In the cabbage, only the concentration of Hg (q’ = 0.001, p = 0.045) in the industrial area was significantly higher than that of the rural area.
In the celery, the concentrations of Pb (q’ = 0.074, p = 0.046), Cu (q’ = 0.494, p = 0.029) and Cr (q’ = 0.055, p = 0.006) in the industrial area and the concentrations of Cu (q’ = 0.589, p = 0.009) and Cr (q’ = 0.055, p = 0.006) in the suburban area were significantly higher than that of the rural area.
According to the GB18406.1-2001 standard [25], the level of Cd in the four vegetables that were studied in the suburban, industrial and rural area samples were 43.9%, 27.5%, and 5.0%, respectively exceeding the standard limit (data not shown).
Table 3 shows the metal concentrations in rice. The concentrations of Cu (t = 5.078, p < 0.001), Cr (t = 2.419, p = 0.030) and Ni (t = 5.078, p < 0.001) in the rice in the industrial area were significantly higher, whereas Zn (t = −5.728, p < 0.001) was significantly lower, than that of the rural area.

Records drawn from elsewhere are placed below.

(* Let $x=(x_1,\dots,x_n)$ be variables, $f=(f_1,\dots,f_n)$ differential-free terms such that the ODE $x'=f(x)$ locally evolves $x$ (in every state the value of $f$ is not the zero vector), $P$ a semianalytic formula, and $y=(y_1,\dots,y_n)$ variables fresh in $[x'=f(x)]P$. Then the formula $$[x'=f(x)]P\;\leftrightarrow\;\forall y\,[x'=f(x)\,\&\,P\vee x=y]\Big(x=y\rightarrow P\wedge\langle x'=f(x)\,\&\,P\vee x=y\rangle\, x\neq y\Big)$$ is valid.
   Context: Variables are real-valued; each variable $x$ has a differential variable $x'$. A state is a map from variables to $\mathbb{R}$. Terms are built from variables, rational constants, $+$, $\cdot$ and finitely many fixed function symbols interpreted as $C^\infty$ functions $\mathbb{R}^k\to\mathbb{R}$, evaluated as usual; differential-free terms contain no differential variables. Semianalytic formulas are built from comparisons $e\sim\tilde e$ ($\sim\in\{=,\ge,>\}$) of differential-free terms by $\wedge,\vee,\neg$. For vectors, $x=y$ abbreviates $\bigwedge_i x_i=y_i$, $x\neq y$ its negation, and $\forall y$ quantifies all $y_i$. Semantics of ODEs: $(\omega,\nu)\in[\![x'=f(x)\&Q]\!]$ iff there are $T\ge0$ and $\varphi:[0,T]\to$ states with $\varphi(0)=\omega$ on all variables except $x'$, $\varphi(T)=\nu$, and for all $\zeta\in[0,T]$: $\varphi(\zeta)$ satisfies $x'=f(x)\wedge Q$, $\varphi(\zeta)$ agrees with $\varphi(0)$ on variables other than $x,x'$, and, if $T>0$, $t\mapsto\varphi(t)(x)$ is differentiable at $\zeta$ with derivative $\varphi(\zeta)(x')$. $x'=f(x)$ without domain means $Q$ is true. $\omega\models[\alpha]\phi$ iff $\nu\models\phi$ for all $\nu$ with $(\omega,\nu)\in[\![\alpha]\!]$; $\omega\models\langle\alpha\rangle\phi$ iff $\nu\models\phi$ for some such $\nu$. A formula is valid if true in all states. *)

From Stdlib Require Import Reals Lra List QArith Qreals.
Import ListNotations.
Open Scope R_scope.
Set Implicit Arguments.

Inductive var := Var (i : nat) | DVar (i : nat).

Definition var_eqb (u v : var) : bool :=
  match u, v with
  | Var i, Var j => Nat.eqb i j
  | DVar i, DVar j => Nat.eqb i j
  | _, _ => false
  end.

Definition state := var -> R.

(** * Smooth (C^infinity) functions of k real arguments.
    A k-ary function is represented as g : (nat -> R) -> R depending only on
    the coordinates 0..k-1. *)
Definition upd (v : nat -> R) (i : nat) (a : R) : nat -> R :=
  fun j => if Nat.eqb j i then a else v j.

Definition depends_only_on (k : nat) (g : (nat -> R) -> R) : Prop :=
  forall v w, (forall i, (i < k)%nat -> v i = w i) -> g v = g w.

Definition continuous_k (k : nat) (g : (nat -> R) -> R) : Prop :=
  forall v eps, 0 < eps -> exists delta, 0 < delta /\
    forall w, (forall i, (i < k)%nat -> Rabs (w i - v i) < delta) ->
      Rabs (g w - g v) < eps.

Definition has_pderiv (g : (nat -> R) -> R) (i : nat) (v : nat -> R) (d : R) : Prop :=
  forall eps, 0 < eps -> exists delta, 0 < delta /\
    forall h, h <> 0 -> Rabs h < delta ->
      Rabs ((g (upd v i (v i + h)) - g v) / h - d) < eps.

Fixpoint Cn (k n : nat) (g : (nat -> R) -> R) : Prop :=
  continuous_k k g /\
  match n with
  | O => True
  | S m => forall i, (i < k)%nat -> exists dg : (nat -> R) -> R,
             (forall v, has_pderiv g i v (dg v)) /\ Cn k m dg
  end.
(* Let $k$ be a field, $n\ge5$ an integer, $q\in k$ a primitive $n$-th root of unity, and $\mathcal{C}=(a_{ij})_{t\times t}$ the Cartan matrix of a finite-dimensional semisimple simply laced Lie algebra. In the Hopf algebra $\Pi^{\mathcal{C}}$ described in the context, for all $x\in\mathbb{Z}_n^t$ and $i,j\in\{1,\dots,t\}$ with $i\ne j$, setting $\kappa=1-a_{ij}$, $$\Delta(\omega_{ij}(x))=\sum_{u+v=x}q^{\kappa u_i+u_j}e_u\otimes\omega_{ij}(v)+\sum_{u+v=x}\omega_{ij}(u)\otimes e_v,$$ $$\Delta(\omega_{ij}(x)^* )=\sum_{u+v=x}e_u\otimes\omega_{ij}(v)^*+\sum_{u+v=x}q^{-\kappa v_i-v_j}\omega_{ij}(u)^*\otimes e_v.$$
   Context: Notation: $\mathbb{Z}_n=\mathbb{Z}/n\mathbb{Z}$; $c^i\in\mathbb{Z}_n^t$ is the $i$-th column of $\mathcal{C}$ reduced mod $n$; $x_i$ is the $i$-th coordinate of $x\in\mathbb{Z}_n^t$; $q^m$ for $m\in\mathbb{Z}_n$ is well defined. $[m]_y=\frac{y^m-y^{-m}}{y-y^{-1}}$, $[m]!_y=[m]_y\cdots[1]_y$, $[0]!_y=1$, $\begin{bmatrix} m\\ s\end{bmatrix}_y=\frac{[m]!_y}{[s]!_y[m-s]!_y}$. Quiver: $\overline{\mathcal{Q}}$ has vertex set $\mathbb{Z}_n^t$ and arrows $a(x,i):x-c^i\to x$, $a(x,i)^*:x\to x-c^i$. In $k\overline{\mathcal{Q}}$ paths compose right to left (product of paths $p,p'$ is $pp'$ if source of $p$ = target of $p'$, else 0); $e_x$ is the trivial path at $x$. $a(x,i_1\cdots i_s)=a(x,i_1)a(x-c^{i_1},i_2)\cdots a(x-c^{i_1}-\cdots-c^{i_{s-1}},i_s)$ and $a(x,i_1\cdots i_s)^*=a(x-c^{i_1}-\cdots-c^{i_{s-1}},i_s)^*\cdots a(x-c^{i_1},i_2)^*a(x,i_1)^*$; $i^s$ denotes $s$ consecutive letters $i$. Define $\omega_{ij}(x)=\sum_{t=0}^{\kappa}(-1)^t\begin{bmatrix}\kappa\\ t\end{bmatrix}_q a(x,i^{\kappa-t}\,j\,i^t)$ and $\omega_{ij}(x)^*=\sum_{t=0}^{\kappa}(-1)^t\begin{bmatrix}\kappa\\ t\end{bmatrix}_q a(x,i^{\kappa-t}\,j\,i^t)^*$. $\Pi^{\mathcal{C}}=k\overline{\mathcal{Q}}/I$, $I$ generated by $a(x,i)a(x,i)^*-a(x+c^i,i)^*a(x+c^i,i)-\frac{q^{x_i}-q^{-x_i}}{q-q^{-1}}e_x$ (all $x,i$) and $a(x,j)^*a(x,i)-a(x-c^j,i)a(x-c^i,j)^*$ (all $x$, $i\ne j$). It is a Hopf algebra with $\Delta(e_x)=\sum_{u+v=x}e_u\otimes e_v$, $\Delta(a(x,i))=\sum_{u+v=x}q^{u_i}e_u\otimes a(v,i)+\sum_{u+v=x}a(u,i)\otimes e_v$, $\Delta(a(x,i)^* )=\sum_{u+v=x}e_u\otimes a(v,i)^*+\sum_{u+v=x}q^{-v_i}a(u,i)^*\otimes e_v$. *)

From HB Require Import structures.
From mathcomp Require Import all_boot all_order all_algebra.
Set Implicit Arguments. Unset Strict Implicit. Unset Printing Implicit Defensive.
Import Order.TTheory GRing.Theory Num.Theory.
Local Open Scope ring_scope.

Definition simply_laced_cartan (t : nat) (C : 'M[int]_t) : Prop :=
  [/\ (forall i, C i i = 2),
      (forall i j, i != j -> C i j = 0 \/ C i j = -1),
      (forall i j, C i j = C j i)
    & (forall v : 'rV[rat]_t, v != 0 -> 0 < (v *m map_mx intr C *m v^T) 0 0)].

(* Vertices: Z_n^t (n >= 2 assumed where used, so 'Z_n = Z/nZ). *)
Notation vtx n t := 'rV['Z_n]_t.

Section PathAlg.
Variables (k : fieldType) (n t : nat) (C : 'M[int]_t) (q : k).

Definition colv (i : 'I_t) : vtx n t := \row_l ((C l i)%:~R : 'Z_n).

3.1.2. In the Environmental Samples (Soil and Irrigation Water)

Table 4 shows the metal concentrations in soil. The mean concentrations of Pb, Cd, Cu, Fe, Mn, Cr, Ni, Zn and Hg in soils are 50.06, 0.29, 53.39, 32,231.12, 733.46, 81.91, 39.53, 396.04, 0.11, and 11.46 mg/kg, respectively. The total Cd in Ningbo area were 32.25% exceeding the standard limit exceed their class II standard. The Hg concentrations in both suburban (q’ = 0.110, p = 0.016) and industrial (q’ = 0.104, p = 0.020) areas were significantly higher than that of the rural areas.
Table 5 shows the metal concentrations in irrigation water. Differences in Cd, Cu, and Mn concentrations in the irrigation water were observed among three areas. In irrigation water, Cd (q’ = 0.053, p = 0.041) and Mn (q’ = 251.222, p < 0.001) in the industrial area and Cu (q’ = 6.37, p = 0.04) and Mn (q’ = 125.162, p = 0.005) in the suburban areas were significantly higher than that in the rural areas.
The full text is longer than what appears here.